But first we have to get there. Momentous events await us on our way to the quarter-millennial celebration. I wish it wasn’t so, but more likely than not we will be trying a former President who is also a current Presidential Candidate in criminal court and then we will have to see if the nation is ready to put that same person back into the White House. We will have to see if, despite the extreme polarization in our politics, we can find a jury of 12 people who are all willing to toss their political preference aside and pass impartial judgment on a former President some of them will have voted for and may want to vote for again in 2024. And it looks like a near certainty that, whichever way these momentous matters will be decided, half the population will feel cheated by the outcome.

How much better off would we have been if, to prepare for and honor the 250th anniversary of our republic, we had committed to critically evaluating our public governance model, decide what works and did not quite work as intended, all with an eye on perfecting our republican democratic model. We could even have decided to hold a new constitutional convention to revisit the foundational principles of a multi-state democratic republic in today’s day and age and submit to popular vote a revised Constitution that is, better than the current version, equipped to address the exigencies and realities of the world we live in today and in the foreseeable future. The harsh reality is that we are so consumed by the political acrimony of the moment that nobody’s eyes are on an opportunity to make our 250th anniversary meaningful in our constant strive to perfect our union.
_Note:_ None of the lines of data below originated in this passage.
Lemma sqnorm_gt0 m (v : 'cV[R]_m) : v != 0 -> 0 < sqnorm v.
Proof.
move=> v0; rewrite lt_def sumr_ge0 ?andbT => [|i _]; last exact: sqr_ge0.
apply: contra v0 => /eqP/psumr_eq0P v2_eq0; apply/eqP/colP => i.
by have /eqP := v2_eq0 (fun i _ => sqr_ge0 (v i 0)) i isT; rewrite sqrf_eq0 mxE => /eqP.
Qed.

Lemma sqnormZ m (a : R) (v : 'cV[R]_m) : sqnorm (a *: v) = a ^+ 2 * sqnorm v.
Proof. by rewrite /sqnorm mulr_sumr; apply: eq_bigr => i _; rewrite mxE exprMn. Qed.

Lemma mulmx_row_trmx m (v : 'rV[R]_m) : v *m v^T = (sqnorm v^T)%:M.
Proof. by rewrite sqnormE trmxK [LHS]mx11_scalar. Qed.

Lemma sqnorm_signvec m (s : {ffun 'I_m -> bool}) : sqnorm (signvec R s) = m%:R.
Proof.
rewrite /sqnorm (eq_bigr (fun _ => 1)) ?sumr_const ?card_ord // => i _.
by rewrite mxE; case: (s i); rewrite ?sqrrN expr1n.
Qed.

Lemma sqnorm_tr_orthonormal r m (W : 'M[R]_(r, m)) (y : 'cV[R]_r) :
  W *m W^T = 1%:M -> sqnorm (W^T *m y) = sqnorm y.
Proof. by move=> oW; rewrite !sqnormE trmx_mul trmxK -mulmxA (mulmxA W) oW mul1mx. Qed.

Lemma sqnorm_row_orthonormal r m (W : 'M[R]_(r, m)) k :
  W *m W^T = 1%:M -> sqnorm (row k W)^T = 1.
Proof.
move=> oW; have := congr1 (fun M : 'M[R]_r => M k k) oW.
rewrite !mxE eqxx mulr1n => <-; rewrite sqnormE trmxK !mxE.
by apply: eq_bigr => j _; rewrite !mxE.
Qed.

End SquaredNorm.

Section Orthonormalization.
Variable R : realType.

Lemma normalize_row m (v : 'rV[R]_m) : v != 0 ->
  exists2 a : R, a != 0 & (a^-1 *: v) *m (a^-1 *: v)^T = 1%:M.
Proof.
move=> v0; set s := sqnorm v^T; set a := Num.sqrt s.
have a_gt0 : 0 < a by rewrite sqrtr_gt0 sqnorm_gt0 // trmx_eq0.
have sE : s = a ^+ 2 by rewrite sqr_sqrtr // ltW // -sqrtr_gt0.
exists a; first by rewrite gt_eqF.
rewrite linearZ /= -scalemxAl -scalemxAr scalerA mulmx_row_trmx -/s sE.
by rewrite scale_scalar_mx; congr (_%:M); field; rewrite gt_eqF.
Qed.

Lemma row_free_dsubmx m1 m2 n (U : 'M[R]_(m1 + m2, n)) :
  row_free U -> row_free (dsubmx U).
Proof.
move=> fU; apply/inj_row_free => v vU0.
have : row_mx 0 v *m U = 0 *m U.
  by rewrite -[U in LHS]vsubmxK mul_row_col vU0 !mul0mx addr0.
by move/(row_free_inj fU)/eqP; rewrite row_mx_eq0 => /andP[_ /eqP].
Qed.

Lemma gram_schmidt_step r m (W : 'M[R]_(r, m)) (u : 'rV[R]_m) :
  W *m W^T = 1%:M -> ~~ (u <= W)%MS ->
  exists a c (w : 'rV[R]_m),
    [/\ a != 0, w *m w^T = 1%:M, w *m W^T = 0 & u = a *: w + c *m W].
Proof.
move=> oW uW; set c := u *m W^T; set v := u - c *m W.
have v0 : v != 0.
  by apply: contra uW => /eqP/subr0_eq ->; rewrite submxMl.
have vW : v *m W^T = 0 by rewrite mulmxBl -mulmxA oW mulmx1 subrr.
have [a a0 ow] := normalize_row v0.
exists a, c, (a^-1 *: v); split=> //.
  by rewrite -scalemxAl vW scaler0.
by rewrite scalerA mulfV // scale1r subrK.
Qed.

Lemma row_free_orthonormal_factor r m (U : 'M[R]_(r, m)) : row_free U ->
  exists (W : 'M[R]_(r, m)) (A : 'M[R]_r),
    [/\ W *m W^T = 1%:M, A \in unitmx & U = A *m W].
Proof.
elim: r U => [|r IH] U fU.
  by exists 0, 1%:M; split; [apply/matrixP => -[] | exact: unitmx1 |
                             apply/matrixP => -[]].
pose U1 : 'M[R]_(1 + r, m) := U; set u := usubmx U1; set U' := dsubmx U1.
have eU : U = col_mx u U' by rewrite vsubmxK.
have [W' [A' [oW' uA' eU']]] := IH U' (row_free_dsubmx (U := U1) fU).
rewrite eU in fU *.
have uW' : ~~ (u <= W')%MS.
  apply: contraL fU => uW'.
  have uU' : (u <= U')%MS by rewrite eU' eqmxMfull ?row_full_unit.
  have sU' : (col_mx u U' <= U')%MS by rewrite col_mx_sub uU' submx_refl.
  by rewrite /row_free neq_ltn ltnS (leq_trans (mxrankS sU')) ?rank_leq_row.
have [a [c [w [a0 ow wW' eu]]]] := gram_schmidt_step oW' uW'.
have W'w : W' *m w^T = 0 by rewrite -[LHS]trmxK trmx_mul trmxK wW' trmx0.
have oW : (col_mx w W' : 'M[R]_(1 + r, m)) *m (col_mx w W')^T = 1%:M.
  by rewrite tr_col_mx mul_col_row ow wW' W'w oW' -scalar_mx_block.
have uA : (block_mx a%:M c 0 A' : 'M[R]_(1 + r)) \in unitmx.
  by rewrite unitmxE det_ublock unitrM -(unitmxE A') uA' andbT det_scalar1 unitfE.
have eAW : col_mx u U' = (block_mx a%:M c 0 A' : 'M[R]_(1 + r)) *m col_mx w W'.
  by rewrite mul_block_col mul0mx add0r -eU' mul_scalar_mx -eu.
by exists (col_mx w W'), (block_mx a%:M c 0 A').
Qed.

Lemma orthonormal_factor_proj r m (A : 'M[R]_r) (W : 'M[R]_(r, m)) :
  W *m W^T = 1%:M -> A \in unitmx ->
  (A *m W)^T *m invmx (A *m W *m (A *m W)^T) *m (A *m W) = W^T *m W.
Proof.
move=> oW uA.
have -> : A *m W *m (A *m W)^T = A *m A^T.
  by rewrite trmx_mul mulmxA -(mulmxA A) oW mulmx1.
have uAAt : A *m A^T \in unitmx by rewrite unitmx_mul unitmx_tr uA.
have AtGA : A^T *m invmx (A *m A^T) *m A = 1%:M.
  have AAtGA : A *m (A^T *m invmx (A *m A^T) *m A) = A.
    by rewrite !mulmxA mulmxV // mul1mx.
  by rewrite -[LHS](mulKmx uA) AAtGA mulVmx.
by rewrite trmx_mul !mulmxA -!(mulmxA W^T) AtGA mul1mx.
Qed.

Lemma colproj_orthonormal m n (X : 'M[R]_(m, n)) :
  exists W : 'M[R]_(\rank X^T, m), W *m W^T = 1%:M /\ colproj X = W^T *m W.
Proof.
have [W [A [oW uA eU]]] := row_free_orthonormal_factor (row_base_free X^T).
by exists W; split=> //; rewrite /colproj eU orthonormal_factor_proj.
Qed.

End Orthonormalization.

Section RademacherTail.
Variable R : realType.

Lemma sqnorm_le_max_coord r (y : 'cV[R]_r) (t : R) : (0 < r)%N ->
  t <= sqnorm y -> exists k, t <= r%:R * y k 0 ^+ 2.
Proof.
move=> r_gt0 ty.
have [k _ kmax] := arg_maxP (fun k => y k 0 ^+ 2) (isT : predT (Ordinal r_gt0)).
exists k; apply: (le_trans ty).
apply: (le_trans (ler_sum _ (fun j _ => kmax j isT))).
by rewrite sumr_const card_ord mulr_natl.
Qed.

Lemma eq_rademacher_prob m (E F : 'cV[R]_m -> bool) :
  (forall s, E (signvec R s) = F (signvec R s)) ->
  rademacher_prob E = rademacher_prob F.
Proof.
move=> EF; rewrite /rademacher_prob; congr (_%:R / _).
by apply: eq_card => s; rewrite !inE EF.
Qed.

Lemma rademacher_prob_le_mean m (E : 'cV[R]_m -> bool) (F : {ffun 'I_m -> bool} -> R) :
  (forall s, 0 <= F s) -> (forall s, E (signvec R s) -> 1 <= F s) ->
  rademacher_prob E <= (\sum_s F s) / 2 ^+ m.
Proof.
move=> F_ge0 EF; rewrite /rademacher_prob ler_pM2r ?invr_gt0 ?exprn_gt0 //.
rewrite -sum1_card natr_sum big_mkcond /=; apply: ler_sum => s _.
by rewrite inE; case: ifP => [/EF|_]; rewrite ?F_ge0.
Qed.

Lemma sum_expR_rademacher m (u : 'rV[R]_m) :
  \sum_(s : {ffun 'I_m -> bool}) expR ((u *m signvec R s) 0 0)
    <= 2 ^+ m * expR (sqnorm u^T / 2).
Proof.
have -> : \sum_(s : {ffun 'I_m -> bool}) expR ((u *m signvec R s) 0 0) =
    \prod_i \sum_(b : bool) expR (u 0 i * (if b then 1 else -1)).
  rewrite bigA_distr_bigA; apply: eq_bigr => s _.
  by rewrite mxE expR_sum; apply: eq_bigr => i _; rewrite mxE.
apply: (@le_trans _ _ (\prod_i (2 * expR (u 0 i ^+ 2 / 2)))).
  apply: ler_prod => i _; rewrite big_bool /= mulr1 mulrN1 addr_ge0 ?expR_ge0 //=.
  exact: expR_add_expRN_le.
have -> : sqnorm u^T = \sum_i u 0 i ^+ 2 by apply: eq_bigr => i _; rewrite mxE.
by rewrite big_split /= prodr_const card_ord -expR_sum mulr_suml.
Qed.

Lemma sum_expR_rademacher_shift m (w : 'rV[R]_m) (b : R) : sqnorm w^T = 1 ->
  \sum_(s : {ffun 'I_m -> bool}) expR (b * (w *m signvec R s) 0 0 - b ^+ 2)
    <= 2 ^+ m * expR (- (b ^+ 2 / 2)).
Proof.
move=> w1.
rewrite (eq_bigr (fun s => expR (- b ^+ 2) * expR (((b *: w) *m signvec R s) 0 0)));
  last by move=> s _; rewrite -scalemxAl -expRD addrC [in RHS]mxE.
rewrite -mulr_sumr (le_trans (ler_wpM2l (expR_ge0 _) (sum_expR_rademacher _))) //.
rewrite [(b *: w)^T]linearZ /= sqnormZ w1 mulr1 mulrCA -expRD.
by rewrite ler_wpM2l ?exprn_ge0 // ler_expR; lra.
Qed.

Lemma one_le_expR_shift (b z : R) : b ^+ 2 <= z ^+ 2 ->
  1 <= expR (b * z - b ^+ 2) + expR (- b * z - b ^+ 2).
Proof.
move=> bz; rewrite -expR0; case: (leP 0 (b * z)) => [bz_ge0|bz_lt0].
  apply: (@le_trans _ _ (expR (b * z - b ^+ 2))); last by rewrite lerDl expR_ge0.
  by rewrite ler_expR; nra.
apply: (@le_trans _ _ (expR (- b * z - b ^+ 2))); last by rewrite lerDr expR_ge0.
by rewrite ler_expR; nra.
Qed.

Lemma rademacher_prob_sqnorm_ge r m (W : 'M[R]_(r, m)) (t : R) :
  (0 < r)%N -> W *m W^T = 1%:M -> 0 <= t ->
  rademacher_prob (fun x => t <= sqnorm (W *m x))
    <= (2 * r)%:R * expR (- (t / (2 * r%:R))).
Proof.
move=> r_gt0 oW t_ge0; have r0 : r%:R != 0 :> R by rewrite pnatr_eq0 -lt0n.
set b := Num.sqrt (t / r%:R).
have bb : b ^+ 2 = t / r%:R by rewrite sqr_sqrtr // divr_ge0.
pose z k (s : {ffun 'I_m -> bool}) := (row k W *m signvec R s) 0 0.
pose F s := \sum_k (expR (b * z k s - b ^+ 2) + expR (- b * z k s - b ^+ 2)).
have F_ge0 s : 0 <= F s by apply: sumr_ge0 => k _; rewrite addr_ge0 ?expR_ge0.
have F_ge1 s : t <= sqnorm (W *m signvec R s) -> 1 <= F s.
  move=> /(sqnorm_le_max_coord r_gt0) [k tk]; rewrite /F (bigD1 k) //=.
  rewrite -[1]addr0; apply: lerD; last first.
    by apply: sumr_ge0 => j _; rewrite addr_ge0 ?expR_ge0.
  apply: one_le_expR_shift; rewrite bb ler_pdivrMr ?ltr0n // mulrC.
  by rewrite /z -row_mul mxE.
have sum_tail k :
    \sum_s (expR (b * z k s - b ^+ 2) + expR (- b * z k s - b ^+ 2))
      <= 2 * (2 ^+ m * expR (- (t / (2 * r%:R)))).
  have -> : t / (2 * r%:R) = b ^+ 2 / 2 by rewrite bb; field.
  have wk := sqnorm_row_orthonormal k oW.
  rewrite big_split /= mulr2n mulrDl mul1r; apply: lerD.
    exact: sum_expR_rademacher_shift.
  by rewrite -(sqrrN b); exact: sum_expR_rademacher_shift.
apply: (le_trans (rademacher_prob_le_mean F_ge0 F_ge1)).
rewrite ler_pdivrMr ?exprn_gt0 // /F exchange_big /=.
apply: (le_trans (ler_sum _ (fun k _ => sum_tail k))).
rewrite sumr_const card_ord -mulr_natl natrM.
by rewrite le_eqVlt; apply/orP; left; apply/eqP; ring.
Qed.

End RademacherTail.

Theorem lemma4 (R : realType) (m n q : nat)
  (S : 'cV[R]_m -> 'cV[R]_n -> 'cV[R]_q) (K : 'M[R]_(m, n) -> Prop)
  (X : 'M[R]_(m, n)) (delta : R) :
  bilinear_map S ->
  (forall Y : 'M[R]_(m, n), (Nset S 1 Y /\ diffset K Y) <-> Y = 0) ->
  Nset S 2 X -> diffset K X -> X != 0 ->
  0 < delta < 1 ->
  rademacher_prob
    (fun x : 'cV[R]_m => (1 - delta) * sqnorm x <= sqnorm (colproj X *m x))
  <= expR (- ((m%:R * (1 - delta)) / 4) + ln 4).
Proof.
move=> _ _ [rkX _] _ X0 /andP[d_gt0 d_lt1].
have [W [oW ->]] := colproj_orthonormal X.
have r_gt0 : (0 < \rank X^T)%N by rewrite mxrank_tr lt0n mxrank_eq0.
have r_le2 : (\rank X^T <= 2)%N by rewrite mxrank_tr.
set t := m%:R * (1 - delta).
have t_ge0 : 0 <= t by rewrite mulr_ge0 // subr_ge0 ltW.
rewrite (@eq_rademacher_prob _ _ _ (fun x => t <= sqnorm (W *m x))); last first.
  by move=> s; rewrite sqnorm_signvec -mulmxA sqnorm_tr_orthonormal // mulrC.
apply: (le_trans (rademacher_prob_sqnorm_ge r_gt0 oW t_ge0)).
rewrite expRD lnK ?posrE // mulrC.
move: (\rank X^T) r_gt0 r_le2 => [|[|[|//]]] // _ _.
  rewrite ler_pM ?expR_ge0 ?ler_expR //; lra.
by rewrite -natrM mulrC.
Qed.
An update of the Constitution alone would not redress all the flaws that stand in the way of a functioning republican democracy. We need to ask ourselves how it is that Congress, the legislative branch of government, is incapable or unwilling to address the most pressing societal needs of a fiscally responsible management of the nation’s finances, protection against the proliferation of guns, an orderly management of immigration needs, and universal access to affordable, state of the art, healthcare, and education. We can rightfully complain about the Supreme Court doing away with affirmative action in higher education and blocking the executive branch from providing relief from a stifling student debt burden, but we need to realize that the Supreme Court only gets to rule on these matters because Congress has not made any attempt to resolve them in the legislative process. With a “do nothing” Congress it is inevitable that both the executive branch and the judicial branch of government step in to fill the void.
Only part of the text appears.